» Task description: Copy exactly, please, each line of the data below until the line that contains "destruct (proj1 (denominator_eq_0_iff" has been copied, beginning at the top.

- - - -

Lemma denominator_neq_0_near_pole z :
  (exists n : Z, z = (ln b / ln (INR p), 2 * PI * IZR n / ln (INR p))) ->
  locally' z (fun v => (1 - RtoC b * p_pow_neg v)%C <> 0%C).
Proof.
  intros [n Hn]. assert (HL := ln_p_pos). assert (HPI := PI_RGT_0).
  exists (mkposreal (2 * PI / ln (INR p)) ltac:(apply Rdiv_lt_0_compat; lra)).
  intros v [_ Him] Hvz Hv. apply Hvz.
  destruct (proj1 (denominator_eq_0_iff v) Hv) as [m Hm]. rewrite Hn, Hm in *.
  change (Rabs (2 * PI * IZR m / ln (INR p) - 2 * PI * IZR n / ln (INR p))
          < 2 * PI / ln (INR p)) in Him.
  now rewrite (poles_separated m n Him).
Qed.

Lemma Cmod_geometric_zeta_near_pole z v : (RtoC b * p_pow_neg z)%C = 1%C ->
  let u := (RtoC (- ln (INR p)) * (v - z))%C in (1 - cexp u)%C <> 0%C ->
  Cmod (geometric_zeta p a b v) = a / b * Cmod (cexp u) / Cmod (1 - cexp u)%C.
Proof.
  intros Hz u Hu.
  assert (HEz : Cmod (p_pow_neg z) = / b).
  { apply (f_equal Cmod) in Hz. rewrite Cmod_mult, Cmod_R, Rabs_pos_eq, Cmod_1 in Hz by lra.
    field_simplify_eq; lra. }
  unfold geometric_zeta. rewrite (p_pow_neg_shift z v). fold u.
  replace (1 - RtoC b * (p_pow_neg z * cexp u))%C with (1 - cexp u)%C
    by (rewrite Cmult_assoc, Hz; ring).
  assert (Hm : 0 < Cmod (1 - cexp u)%C) by now apply Cmod_gt_0.
  rewrite Cmod_div, !Cmod_mult, Cmod_R, Rabs_pos_eq, HEz by (auto; lra). field. lra.
Qed.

- - - -

» Answer to this exercise:
Lemma denominator_neq_0_near_pole z :
  (exists n : Z, z = (ln b / ln (INR p), 2 * PI * IZR n / ln (INR p))) ->
  locally' z (fun v => (1 - RtoC b * p_pow_neg v)%C <> 0%C).
Proof.
  intros [n Hn]. assert (HL := ln_p_pos). assert (HPI := PI_RGT_0).
  exists (mkposreal (2 * PI / ln (INR p)) ltac:(apply Rdiv_lt_0_compat; lra)).
  intros v [_ Him] Hvz Hv. apply Hvz.
  destruct (proj1 (denominator_eq_0_iff v) Hv) as [m Hm]. rewrite Hn, Hm in *.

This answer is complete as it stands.